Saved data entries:
━━━━━━━━━━

(* Let ${\mathcal M}$ be a $q$-matroid on $\mathbb{F}_q^n$ of rank $r\ge1$, and let $F_1,\dots,F_t$ be its bases listed in increasing order with respect to $\prec_q^r$. Order the facets of the order complex $I_{{\mathcal M}}$ by $\prec_\ell$ and let $\mathcal{R}$ be the associated restriction operator. Then there exists a facet $A$ of $I_{{\mathcal M}}$ with $\mathcal{R}(A)=A$ if and only if there exist indices $1\le i<j\le t$ such that $\dim_{\mathbb{F}_q}(F_i\cap F_j)=r-1$ and $\min(F_j\setminus\{0\})\notin F_i$, where the minimum is taken with respect to $\prec$.
   Context: A $q$-matroid is a pair $(E,\rho)$, $E=\mathbb{F}_q^n$, with $\rho$ from subspaces to $\mathbb{Z}_{\ge0}$ satisfying $0\le\rho(X)\le\dim X$, monotonicity, and $\rho(X+Y)+\rho(X\cap Y)\le\rho(X)+\rho(Y)$; rank $=\rho(E)$; $U$ is independent if $\rho(U)=\dim U$; bases are maximal independent subspaces (all of dimension $r$). Fix a total order $\prec$ on $\mathbb{F}_q$ with $0\prec1\prec\alpha$ for all $\alpha\ne0,1$, extended lexicographically to $\mathbb{F}_q^n$ and to tuples in $(\mathbb{F}_q^n)^k$. For a $k$-dimensional subspace $U$ with reduced row echelon generator matrix having rows $u_k,u_{k-1},\dots,u_1$ from top to bottom, its reduced generator is $(u_1,\dots,u_k)$; the order $\prec_q^k$ on $k$-dimensional subspaces is the lexicographic order of reduced generators. The order complex $I_{{\mathcal M}}$ is the simplicial complex whose vertices are the nonzero independent subspaces and whose faces are chains of them; its facets are the chains $A=(A_1\subsetneq\cdots\subsetneq A_r)$ of independent subspaces with $\dim A_m=m$. For two such facets $U,V$, $U\prec_\ell V$ iff, for the largest index $e$ with $U_e\ne V_e$, one has $U_e\prec_q^e V_e$; this linear order of facets is a shelling of $I_{{\mathcal M}}$. For a facet $A$, $\mathcal{R}(A)$ is the set of vertices $A_m$ of $A$ such that $A\setminus\{A_m\}$ is a face of some facet preceding $A$ in the order $\prec_\ell$. *)

From HB Require Import structures.
From mathcomp Require Import all_boot all_order all_algebra.
Set Implicit Arguments. Unset Strict Implicit. Unset Printing Implicit Defensive.
Import GRing.Theory.
Local Open Scope ring_scope.

Section QMatroid.
Variables (F : finFieldType) (n : nat).
(* the total order on F_q is encoded by an injective "position" map
   o : F -> nat with o 0 = 0 and o 1 = 1 : x ≺ y iff o x < o y *)
Variable o : F -> nat.

Definition subsp := {vspace 'rV[F]_n}.

Definition qmatroid_axioms (rho : subsp -> nat) : Prop :=
  [/\ forall X : subsp, (rho X <= \dim X)%N,
      forall X Y : subsp, (X <= Y)%VS -> (rho X <= rho Y)%N &
      forall X Y : subsp, (rho (X + Y)%VS + rho (X :&: Y)%VS <= rho X + rho Y)%N].

Definition qrank (rho : subsp -> nat) : nat := rho fullv.

Definition independent (rho : subsp -> nat) (U : subsp) : Prop := rho U = \dim U.

Definition qbasis (rho : subsp -> nat) (B : subsp) : Prop :=
  independent rho B /\
  forall U : subsp, independent rho U -> (B <= U)%VS -> U = B.

Definition vec_lt (v w : 'rV[F]_n) : Prop :=
  exists j : 'I_n, (forall j' : 'I_n, (j' < j)%N -> v ord0 j' = w ord0 j') /\
                   (o (v ord0 j) < o (w ord0 j))%N.

Definition is_rref (k : nat) (M : 'M[F]_(k, n)) : Prop :=
  exists p : 'I_k -> 'I_n,
    [/\ forall i i' : 'I_k, (i < i')%N -> (p i < p i')%N,
        forall i : 'I_k, M i (p i) = 1,
        forall (i : 'I_k) (j : 'I_n), (j < p i)%N -> M i j = 0 &
        forall i i' : 'I_k, i' != i -> M i' (p i) = 0].

Definition rowspan (k : nat) (M : 'M[F]_(k, n)) : subsp :=
  <<[seq row i M | i <- enum 'I_k]>>%VS.

(* Lexicographic order on reduced generators (u_1,...,u_k), where u_1 is the
   bottom row (index k-1) of the RREF matrix, u_k the top row (index 0).
   So u_1 (largest row index) is compared first. *)
Definition redgen_lt (k : nat) (M N : 'M[F]_(k, n)) : Prop :=
  exists i : 'I_k, (forall i' : 'I_k, (i < i')%N -> row i' M = row i' N) /\
                   vec_lt (row i M) (row i N).

Definition subsp_lt (k : nat) (U V : subsp) : Prop :=
  exists M N : 'M[F]_(k, n),
    [/\ is_rref M, is_rref N, rowspan M = U, rowspan N = V & redgen_lt M N].

Definition is_min_nonzero (U : subsp) (v : 'rV[F]_n) : Prop :=
  [/\ v \in U, v != 0 &
      forall w : 'rV[F]_n, w \in U -> w != 0 -> w != v -> vec_lt v w].

(* facets of the order complex I_M: chains A_1 ⊊ ... ⊊ A_r of independent
   subspaces with dim A_m = m (only indices 1..r are relevant) *)
Definition facet (rho : subsp -> nat) (A : nat -> subsp) : Prop :=
  (forall m, (1 <= m <= qrank rho)%N -> independent rho (A m) /\ \dim (A m) = m) /\
  (forall m, (1 <= m)%N -> (m < qrank rho)%N ->
       (A m <= A m.+1)%VS /\ A m != A m.+1).

Definition facet_lt (rho : subsp -> nat) (U V : nat -> subsp) : Prop :=
  exists e, [/\ (1 <= e <= qrank rho)%N, U e != V e,
     forall e', (e < e' <= qrank rho)%N -> U e' = V e' &
     subsp_lt e (U e) (V e)].

(* A_m ∈ R(A): A \ {A_m} is a face of some facet B preceding A *)
Definition in_restriction (rho : subsp -> nat) (A : nat -> subsp) (m : nat) : Prop :=
  exists B, [/\ facet rho B, facet_lt rho B A &
    forall l, (1 <= l <= qrank rho)%N -> l != m ->
      exists l', (1 <= l' <= qrank rho)%N /\ A l = B l'].

Definition restriction_full (rho : subsp -> nat) (A : nat -> subsp) : Prop :=
  forall m, (1 <= m <= qrank rho)%N -> in_restriction rho A m.

End QMatroid.

(* The order [<_q^k] compares reduced generators starting from their bottom
   rows, and the bottom row of the reduced row echelon form of [U] is the least
   nonzero vector [min U] of [U].  Hence [W' <_q^k W] forces [min W' <= min W],
   and conversely [min W' < min W] gives [W' <_q^k W].
   If [R(A) = A], let [v = min A_r] and [k] be least with [v \in A_k].  The facet
   [B] witnessing [A_k \in R(A)] differs from [A] only at [k], and [B_k :&: A_k]
   is [A_(k-1)] (or [0] if [k = 1]), which misses [v]; if [k < r] then
   [B_k <= A_r], so [v < min B_k <= min A_k = v].  Thus [k = r] and
   [(B_r, A_r)] is the required pair of bases.
   Conversely, extend [F_i :&: F_j] by [F_j] and refine it into a full flag
   [A] with [min A_(l+1) \notin A_l] for all [l].  Replacing [A_r] by [F_i], or
   [A_m] by [A_(m-1) + <min A_(m+1)>] for [m < r], yields a preceding facet. *)

From HB Require Import structures.
From mathcomp Require Import all_boot all_order all_algebra.
From mathcomp Require Import zify.
Set Implicit Arguments. Unset Strict Implicit. Unset Printing Implicit Defensive.
Import GRing.Theory.
Local Open Scope ring_scope.

Section VectorSpaces.
Variables (K : fieldType) (vT : vectType K).
Implicit Types (U V Y : {vspace vT}) (x : vT).

Lemma dimv_lt U V : (U <= V)%VS -> U != V -> (\dim U < \dim V)%N.
Proof. by move=> UV; rewrite (ltn_leqif (dimv_leqif_eq UV)). Qed.

Lemma dimv_cap_lt U V : \dim U = \dim V -> U != V -> (\dim (U :&: V) < \dim U)%N.
Proof.
move=> dUV UV; apply: dimv_lt; first exact: capvSl.
apply: contra UV => /eqP capU; rewrite eqEdim dUV leqnn andbT.
by rewrite -capU capvSr.
Qed.

Lemma dimv_add_line Y x : x \notin Y -> \dim (Y + <[x]>) = (\dim Y).+1.
Proof.
move=> xY; have x0 : x != 0 by apply: contraNneq xY => ->; rewrite mem0v.
rewrite dimv_disjoint_sum ?dim_vline ?x0 ?addn1 //.
apply/eqP; rewrite -subv0; apply/subvP => y /memv_capP[yY /vlineP[c yc]].
rewrite memv0 yc; have [->|c0] := eqVneq c 0; first by rewrite scale0r.
by case/negP: xY; rewrite -[x](scalerK c0) -yc memvZ.
Qed.

Lemma chain_subv (A : nat -> {vspace vT}) lo hi :
    (forall l, (lo <= l < hi)%N -> (A l <= A l.+1)%VS) ->
  forall l m, (lo <= l)%N -> (l <= m <= hi)%N -> (A l <= A m)%VS.
Proof.
move=> Astep l m lo_l /andP[]; elim: m => [|m IHm].
  by rewrite leqn0 => /eqP -> _.
rewrite leq_eqVlt => /orP[/eqP -> //|]; rewrite ltnS => l_m m_hi.
apply: subv_trans (IHm l_m (ltnW m_hi)) _; apply: Astep.
by rewrite (leq_trans lo_l l_m).
Qed.

End VectorSpaces.

Section EchelonForm.
Variables (F : finFieldType) (n : nat).
Implicit Types (U : subsp F n) (u w : 'rV[F]_n).

Definition rref_pivots k (M : 'M[F]_(k, n)) (p : 'I_k -> 'I_n) : Prop :=
  [/\ forall i i' : 'I_k, (i < i')%N -> (p i < p i')%N,
      forall i : 'I_k, M i (p i) = 1,
      forall (i : 'I_k) (j : 'I_n), (j < p i)%N -> M i j = 0 &
      forall i i' : 'I_k, i' != i -> M i' (p i) = 0].

Lemma row_in_rowspan k (M : 'M[F]_(k, n)) i : row i M \in rowspan M.
Proof. by apply: memv_span; apply: map_f; rewrite mem_enum. Qed.

Lemma rowspan_lincomb k (M : 'M[F]_(k, n)) w :
  w \in rowspan M -> exists c : 'I_k -> F, w = \sum_i c i *: row i M.
Proof.
rewrite /rowspan -[X in <<X>>%VS]/(tval [tuple row i M | i < k]) => /coord_span ->.
by eexists; apply: eq_bigr => i _; rewrite -tnth_nth tnth_mktuple.
Qed.

Lemma rowspan_col_mx k1 k2 (A : 'M[F]_(k1, n)) (B : 'M[F]_(k2, n)) :
  rowspan (col_mx A B) = (rowspan A + rowspan B)%VS.
Proof.
apply/eqP; rewrite eqEsubv subv_add; apply/and3P; split.
- apply/span_subvP => _ /mapP[i _ ->]; case: (split_ordP i) => i' ->.
    by rewrite rowKu (subvP (addvSl _ _)) ?row_in_rowspan.
  by rewrite rowKd (subvP (addvSr _ _)) ?row_in_rowspan.
- by apply/span_subvP => _ /mapP[i _ ->]; rewrite -(rowKu i A B) row_in_rowspan.
- by apply/span_subvP => _ /mapP[i _ ->]; rewrite -(rowKd i A B) row_in_rowspan.
Qed.

Lemma rowspan_row u : rowspan u = <[u]>%VS.
Proof.
have enum1 : enum 'I_1 = [:: ord0] by apply: (inj_map val_inj); rewrite val_enum_ord.
by rewrite /rowspan enum1 span_seq1; congr <[_]>%VS; apply/rowP => j; rewrite mxE.
Qed.

Lemma sum_rows_coord k (M : 'M[F]_(k, n)) (c : 'I_k -> F) j :
  (\sum_i c i *: row i M) 0 j = \sum_i c i * M i j.
Proof. by rewrite summxE; apply: eq_bigr => i _; rewrite !mxE. Qed.

Lemma rref_pivot_coord k (M : 'M[F]_(k, n)) p (c : 'I_k -> F) i :
  rref_pivots M p -> (\sum_i c i *: row i M) 0 (p i) = c i.
Proof.
case=> _ p_one _ p_col; rewrite sum_rows_coord (bigD1 i) //= p_one mulr1.
by rewrite big1 ?addr0 // => i' i'_i; rewrite p_col ?mulr0.
Qed.

Lemma rref_dim k (M : 'M[F]_(k, n)) : is_rref M -> \dim (rowspan M) = k.
Proof.
case=> p Mp; have: free [tuple row i M | i < k].
  apply/freeP => c c0 i; rewrite -(rref_pivot_coord c i Mp).
  suff -> : \sum_i c i *: row i M = 0 by rewrite mxE.
  by rewrite -[RHS]c0; apply: eq_bigr => i' _; rewrite -tnth_nth tnth_mktuple.
by rewrite /free size_tuple => /eqP.
Qed.

Lemma rref_pivots_col_mx k u (M : 'M[F]_(k, n)) p j0 :
    rref_pivots M p -> u 0 j0 = 1 -> (forall j : 'I_n, (j < j0)%N -> u 0 j = 0) ->
    (forall i, u 0 (p i) = 0) -> (forall i (j : 'I_n), (j <= j0)%N -> M i j = 0) ->
  rref_pivots (col_mx u M) (fun i => if split i is inr i' then p i' else j0).
Proof.
case=> p_mono p_one p_lead p_col u_j0 u_lead u_piv M_lead.
have j0_p i : (j0 < p i)%N.
  by rewrite ltnNge; apply/negP => /(M_lead i)/eqP; rewrite p_one oner_eq0.
split.
- move=> i i'; case: splitP => a ->; case: splitP => b -> //; rewrite ?ord1 //.
  by rewrite ltn_add2l; apply: p_mono.
- by move=> i; rewrite mxE; case: splitP => a _; rewrite ?ord1.
- by move=> i j; rewrite mxE; case: splitP => a _; rewrite ?ord1; [apply: u_lead | apply: p_lead].
- move=> i i'; rewrite mxE; case: (splitP i) => a ea; case: (splitP i') => b eb i'_i.
  + by case/eqP: i'_i; apply: val_inj; rewrite /= ea eb !ord1.
  + exact: M_lead.
  + by rewrite ord1 u_piv.
  + by apply: p_col; apply: contra i'_i => /eqP ba; apply/eqP/val_inj; rewrite /= ea eb ba.
Qed.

━━━━━━━━━━

Work task: Beginning with the line above that contains "(forall m, (1 <= m)%N", copy each line exactly up to and including the line that contains "subsp_lt e (U e) (V e)].", and go no further.

Solution to the exercise:
  (forall m, (1 <= m)%N -> (m < qrank rho)%N ->
       (A m <= A m.+1)%VS /\ A m != A m.+1).

Definition facet_lt (rho : subsp -> nat) (U V : nat -> subsp) : Prop :=
  exists e, [/\ (1 <= e <= qrank rho)%N, U e != V e,
     forall e', (e < e' <= qrank rho)%N -> U e' = V e' &
     subsp_lt e (U e) (V e)].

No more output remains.